Exercise details
Please start at the first line of the records beneath and quote each line exactly, ending with the line containing "move=> x1E w01;".

[[ Dataset entries, beginning ]]

Definition lower k x w := p21 * x 0 c0 + (p20 - p21) * F k w (1 - w 0 ord_max).

Definition Qc x w : Prop :=
  [/\ x 0 c0 = p1 ord0 + dsum w, x 0 c1 = p20 + (p21 - p20) * w 0 ord_max,
      forall i, 0 <= w 0 i <= 1,
      forall i j : 'I_d1, nat_of_ord j = i.+1 -> w 0 (wd j) <= w 0 (wd i) &
      forall k, lower k x w <= x 0 c2 <= upper k x w].

Lemma Q_setE v : Q_set p1 p20 p21 v <-> Qc (lsubmx v) (rsubmx v).
Proof.
rewrite /Q_set /Qc /upper /lower; set x := lsubmx v; set w := rsubmx v.
have box : (forall i, 0 <= w 0 i <= 1) <->
           (forall i : 'I_d1, 0 <= w 0 (wd i) <= 1) /\ 0 <= w 0 ord_max <= 1.
  split=> [w01 | [z01 y01] i]; first by split=> [i|]; apply: w01.
  by case: (ord_split i) => [->|[j ->]].
split=> [[x1E [z01 z_mono] x2E y01 hc] | [x1E x2E /box [z01 y01] z_mono hc]].
  split=> // [|k]; first exact/box.
  by rewrite x1E -!constraint_sumE andbC; apply/andP/hc.
split=> // k; have /andP [lo up] := hc k.
by move: lo up; rewrite x1E -!constraint_sumE.
Qed.

Lemma Qc_row x w : Q_set p1 p20 p21 (row_mx x w) <-> Qc x w.
Proof. by rewrite Q_setE row_mxKl row_mxKr. Qed.

Lemma lower_le_upper k j x w :
  x 0 c0 = p1 ord0 + dsum w -> (forall i, 0 <= w 0 i <= 1) -> lower j x w <= upper k x w.
Proof.
move=> x1E w01; have := dsum_le_F_add k j (fun i => w01 (wd i)) (w01 ord_max).
rewrite /upper /lower x1E; set X := p1 ord0 + _; set Fk := F k w _; set Fj := F j w _.
move=> F_ge; rewrite -subr_ge0.
have -> : p20 * X + (p21 - p20) * Fk - (p21 * X + (p20 - p21) * Fj)
          = (p21 - p20) * (Fk + Fj - X) by ring.
by rewrite mulr_ge0 // subr_ge0 // ltW.
Qed.
Lemma success_ind_ge q B (a : attacker n d) g coins :
  g \in P -> #|a.1| = m -> 0 < q -> 2 * s * (INR m / INR n) + 18 * s * q <= B ->
  1 - \big[Rplus/0]_j chernoff_terms q a g coins j <= success_ind B a g coins.
Proof.
move=> gP a_m q_gt0 B_ge.
have terms_ge0 j : 0 <= chernoff_terms q a g coins j.
  rewrite /chernoff_terms; set t1 := exp _; set t2 := exp _; set t3 := exp _.
  set t4 := exp _; set t5 := exp _.
  have [p1 p2 p3 p4 p5] : [/\ 0 < t1, 0 < t2, 0 < t3, 0 < t4 & 0 < t5].
    by split; apply: exp_pos.
  lra.
set S := \big[Rplus/0]_j _.
have S_ge0 : 0 <= S by apply: sumR_ge0 => j _; apply: terms_ge0.
rewrite /success_ind /indicator; case: Rlt_dec => [success | fail] /=; first lra.
case: (Rle_lt_dec 1 S) => [| sum_lt1]; first lra.
exfalso; apply: fail; apply: linf_lt => [|j]; first nra.
have : chernoff_terms q a g coins j < 1.
  apply: Rle_lt_trans sum_lt1; rewrite /S (bigD1 j) //=.
  rewrite -[X in X <= _]Rplus_0_r; apply: Rplus_le_compat_l.
  by apply: sumR_ge0 => i _; apply: terms_ge0.
rewrite /chernoff_terms; set t1 := exp _; set t2 := exp _; set t3 := exp _.
set t4 := exp _; set t5 := exp _ => terms_lt1.
have [p1 p2 p3 p4 p5] : [/\ 0 < t1, 0 < t2, 0 < t3, 0 < t4 & 0 < t5].
  by split; apply: exp_pos.
have lp_ge0 : 0 <= q / 2 by lra.
have lh_ge0 : 0 <= q / (4 * s).
  by apply: Rmult_le_pos; [lra | apply/Rlt_le/Rinv_0_lt_compat; lra].
apply: Rlt_le_trans B_ge; apply: Rabs_manip_deviation_lt => //.
- by apply: (lt_of_exp_lt1 lp_ge0); rewrite -/t1; lra.
- by apply: (lt_of_exp_lt1 lp_ge0); rewrite -/t2; lra.
- by apply: (lt_of_exp_lt1 lp_ge0); rewrite -/t3; lra.
apply: Rabs_def1; first by apply: (lt_of_exp_lt1 lh_ge0); rewrite -/t4; lra.
apply: Ropp_lt_cancel; rewrite Ropp_involutive.
by apply: (lt_of_exp_lt1 lh_ge0); rewrite -Ropp_mult_distr_r Ropp_mult_distr_l -/t5; lra.
Qed.

Lemma experiment_mean_chernoff q (a : attacker n d) j : 0 < q <= 1 ->
  E (fun g c => chernoff_terms q a g c j) <= 5 * exp (- (kR * q ^ 2)).
Proof.
move=> q_range; rewrite /chernoff_terms !experiment_meanD.
set lh := q / (4 * s); set th := lh * (6 * s * kR * q); set tp := q / 2 * (3 * kR * q).
have lh_abs : Rabs lh = lh.
  by apply/Rabs_right/Rle_ge/Rmult_le_pos; [lra | apply/Rlt_le/Rinv_0_lt_compat; lra].
have lh_s : Rabs lh * (4 * s) <= 1 by rewrite lh_abs /lh; field_simplify; lra.
have lh_s' : Rabs (- lh) * (4 * s) <= 1 by rewrite Rabs_Ropp.
have exp_p : 2 * (q / 2) ^ 2 * kR - tp = - (kR * q ^ 2) by rewrite /tp; field.
have exp_h lam : Rabs lam = lh -> 8 * lam ^ 2 * s ^ 2 * kR - th = - (kR * q ^ 2).
  by move=> lam_lh; rewrite -(pow2_abs lam) lam_lh /th /lh; field; lra.
have lam_p : 0 <= q / 2 <= 1 / 2 by lra.
have range_p i : 0 <= (1 + x i j) / 2 <= 1 by have := x_range i j; lra.
have range_m i : 0 <= (1 - x i j) / 2 <= 1 by have := x_range i j; lra.
have range_C i : 0 <= corrupt_ind a i <= 1 by rewrite /corrupt_ind; case: (i \in a.1); lra.
have := experiment_mean_group_dev j tp range_C lam_p.
have := experiment_mean_group_dev j tp range_p lam_p.
have := experiment_mean_group_dev j tp range_m lam_p.
have := experiment_mean_honest_dev j th lh_s.
have := experiment_mean_honest_dev j th lh_s'.
rewrite exp_p (exp_h _ lh_abs) (exp_h (- lh)) ?Rabs_Ropp //; lra.
Qed.

Theorem experiment_success_ge q B (a : attacker n d) :
  #|a.1| = m -> 0 < q -> 2 * s * (INR m / INR n) + 18 * s * q <= B ->
  1 - 5 * INR d * exp (- (kR * q ^ 2)) <= E (success_ind B a).
Proof.
move=> a_m q_gt0 B_ge; have exp_ge0 := Rlt_le _ _ (exp_pos (- (kR * q ^ 2))).
case: (Rle_lt_dec q 1) => [q_le1 | q_gt1].
  have := experiment_mean_le (fun g c gP => success_ind_ge c gP a_m q_gt0 B_ge).
  apply: Rle_trans.
  rewrite experiment_meanB experiment_mean_const experiment_mean_sum.
  apply: Rplus_le_compat_l; apply: Ropp_le_contravar.
  apply: Rle_trans (_ : \big[Rplus/0]_(j < d) (5 * exp (- (kR * q ^ 2))) <= _).
    by apply: sumR_le => j _; apply: experiment_mean_chernoff; lra.
  by rewrite sumR_const_ord; right; ring.
(* For q > 1 the threshold exceeds the trivial bound 2s on the error. *)
apply: Rle_trans (_ : _ <= 1) _; first by have := pos_INR d; nra.
rewrite -[X in X <= _](experiment_mean_const 1); apply: experiment_mean_le => g c gP.
rewrite /success_ind /indicator; case: Rlt_dec => [success | fail] /=; first lra.
exfalso; apply: fail; apply: linf_lt => [|j]; first nra.
apply: Rle_lt_trans (Rabs_manip_deviation_le a c j gP) _; nra.
Qed.

End ManipulationExperiment.

Lemma manip_prob_ge n d m eps x (w : attacker n d -> R) B p :
  oblivious_attacker m w ->
  (forall a : attacker n d, #|a.1| = m ->
     p <= experiment_mean eps x (success_ind eps x B a)) ->
  manip_prob eps x w B >= p.
Proof.
case=> w_ge0 [w_sum1 w_m] success_ge; apply: Rle_ge.
apply: Rle_trans (_ : \big[Rplus/0]_a (w a * p) <= _).
  by rewrite -sumR_distrl w_sum1; lra.
apply: sumR_le => a _; case: (Req_dec (w a) 0) => [-> | wa_neq0]; first lra.
exact: Rmult_le_compat_l (w_ge0 a) (success_ge a (w_m a wa_neq0)).
Qed.

Lemma ln_scale_le beta D : 0 < beta < 1 -> 1 <= D ->
  ln (5 * D / beta) <= (1 + ln 5 / ln (/ beta)) * ln (D / beta).
Proof.
move=> beta_range D_ge1.
have inv_gt1 : 1 < / beta by rewrite -Rinv_1; apply: Rinv_lt_contravar; lra.
have Lb_gt0 : 0 < ln (/ beta) by rewrite -ln_1; apply: ln_increasing; lra.
have L_ge : ln (/ beta) <= ln (D * / beta).
  apply: ln_le; first lra.
  by rewrite -{1}(Rmult_1_l (/ beta)); apply: Rmult_le_compat_r; lra.
have ratio_ge1 : 1 <= ln (D * / beta) / ln (/ beta).
  by apply: (Rmult_le_reg_r (ln (/ beta))); rewrite // /Rdiv Rmult_assoc Rinv_l; lra.
have ln5_gt0 : 0 < ln 5 by rewrite -ln_1; apply: ln_increasing; lra.
rewrite /Rdiv Rmult_assoc ln_mult; [|lra|apply: Rmult_lt_0_compat; lra].
have -> : (1 + ln 5 * / ln (/ beta)) * ln (D * / beta) =
    ln (D * / beta) + ln 5 * (ln (D * / beta) / ln (/ beta)) by field; lra.
nra.
Qed.

Section ChernoffRadius.
Variables (beta : R) (n d k : nat).
Hypotheses (beta_range : 0 < beta < 1) (d_gt0 : (0 < d)%N) (k_gt0 : (0 < k)%N)
  (n_eq : n = (k * d)%N).
Local Notation A := (1 + ln 5 / ln (/ beta)).
Local Notation q := (sqrt (ln (5 * INR d / beta) / INR k)).
Local Notation tau := (sqrt (INR d / INR n * ln (INR d / beta))).

Let dR : 1 <= INR d. Proof. by apply: (le_INR 1); apply/leP. Qed.
Let kR : 0 < INR k. Proof. exact/lt_0_INR/ltP. Qed.
Let nR : INR n = INR k * INR d. Proof. by rewrite n_eq mult_INR. Qed.

Let ln_ratio_gt0 : 0 < ln (5 * INR d / beta).
Proof.
rewrite -ln_1; apply: ln_increasing; first lra.
by apply: (Rmult_lt_reg_r beta); [lra | rewrite /Rdiv Rmult_assoc Rinv_l; lra].
Qed.

Let A_ge1 : 1 <= A.
Proof.
have : 0 <= ln 5 / ln (/ beta); last lra.
apply: Rmult_le_pos; first by rewrite -ln_1; apply: ln_le; lra.
apply/Rlt_le/Rinv_0_lt_compat; rewrite -ln_1; apply: ln_increasing; first lra.
by rewrite -Rinv_1; apply: Rinv_lt_contravar; lra.
Qed.

Lemma chernoff_radius_gt0 : 0 < q.
Proof. exact/sqrt_lt_R0/Rdiv_lt_0_compat. Qed.

Lemma exp_chernoff_radius : 5 * INR d * exp (- (INR k * q ^ 2)) = beta.
Proof.
rewrite pow2_sqrt; last exact/Rlt_le/Rdiv_lt_0_compat.
have -> : INR k * (ln (5 * INR d / beta) / INR k) = ln (5 * INR d / beta) by field; lra.
by rewrite exp_Ropp exp_ln; [field; lra | apply: Rdiv_lt_0_compat; lra].
Qed.

Lemma chernoff_radius_le : q <= sqrt A * tau.
Proof.
have L_ge0 : 0 <= ln (INR d / beta).
  rewrite -ln_1; apply: ln_le; first lra.
  by apply: (Rmult_le_reg_r beta); [lra | rewrite /Rdiv Rmult_assoc Rinv_l; lra].
have -> : INR d / INR n = / INR k by rewrite nR; field; lra.
rewrite -sqrt_mult; [| lra | by apply: Rmult_le_pos; [apply/Rlt_le/Rinv_0_lt_compat|]].
apply: sqrt_le_1_alt; rewrite /Rdiv (Rmult_comm (/ INR k)) -Rmult_assoc.
apply: Rmult_le_compat_r; first by apply/Rlt_le/Rinv_0_lt_compat.
exact: ln_scale_le.
Qed.

Lemma chernoff_threshold_ge eps m : 0 < eps ->
  2 * rr_scale eps * (INR m / INR n) + 18 * rr_scale eps * q <=
  20 * sqrt A * rr_scale eps * (tau + INR m / INR n).
Proof.
move=> eps_gt0; have s_ge1 := rr_scale_ge1 eps_gt0.
have sqrtA_ge1 : 1 <= sqrt A by rewrite -[X in X <= _]sqrt_1; apply: sqrt_le_1_alt.
have mn_ge0 : 0 <= rr_scale eps * (INR m / INR n).
  apply/Rmult_le_pos/Rmult_le_pos; [lra | exact: pos_INR |].
  by apply/Rlt_le/Rinv_0_lt_compat; rewrite nR; nra.
have := Rmult_le_compat_l _ _ _ (Rle_trans _ _ _ Rle_0_1 s_ge1) chernoff_radius_le.
have := Rmult_le_compat_r _ _ _ mn_ge0 sqrtA_ge1.
have := Rmult_le_pos _ _ (Rle_trans _ _ _ Rle_0_1 s_ge1) (Rlt_le _ _ chernoff_radius_gt0).
lra.
Qed.

End ChernoffRadius.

[[ Dataset entries, end ]]

Output for this exercise
Definition lower k x w := p21 * x 0 c0 + (p20 - p21) * F k w (1 - w 0 ord_max).

Definition Qc x w : Prop :=
  [/\ x 0 c0 = p1 ord0 + dsum w, x 0 c1 = p20 + (p21 - p20) * w 0 ord_max,
      forall i, 0 <= w 0 i <= 1,
      forall i j : 'I_d1, nat_of_ord j = i.+1 -> w 0 (wd j) <= w 0 (wd i) &
      forall k, lower k x w <= x 0 c2 <= upper k x w].

Lemma Q_setE v : Q_set p1 p20 p21 v <-> Qc (lsubmx v) (rsubmx v).
Proof.
rewrite /Q_set /Qc /upper /lower; set x := lsubmx v; set w := rsubmx v.
have box : (forall i, 0 <= w 0 i <= 1) <->
           (forall i : 'I_d1, 0 <= w 0 (wd i) <= 1) /\ 0 <= w 0 ord_max <= 1.
  split=> [w01 | [z01 y01] i]; first by split=> [i|]; apply: w01.
  by case: (ord_split i) => [->|[j ->]].
split=> [[x1E [z01 z_mono] x2E y01 hc] | [x1E x2E /box [z01 y01] z_mono hc]].
  split=> // [|k]; first exact/box.
  by rewrite x1E -!constraint_sumE andbC; apply/andP/hc.
split=> // k; have /andP [lo up] := hc k.
by move: lo up; rewrite x1E -!constraint_sumE.
Qed.

Lemma Qc_row x w : Q_set p1 p20 p21 (row_mx x w) <-> Qc x w.
Proof. by rewrite Q_setE row_mxKl row_mxKr. Qed.

Lemma lower_le_upper k j x w :
  x 0 c0 = p1 ord0 + dsum w -> (forall i, 0 <= w 0 i <= 1) -> lower j x w <= upper k x w.
Proof.
move=> x1E w01; have := dsum_le_F_add k j (fun i => w01 (wd i)) (w01 ord_max).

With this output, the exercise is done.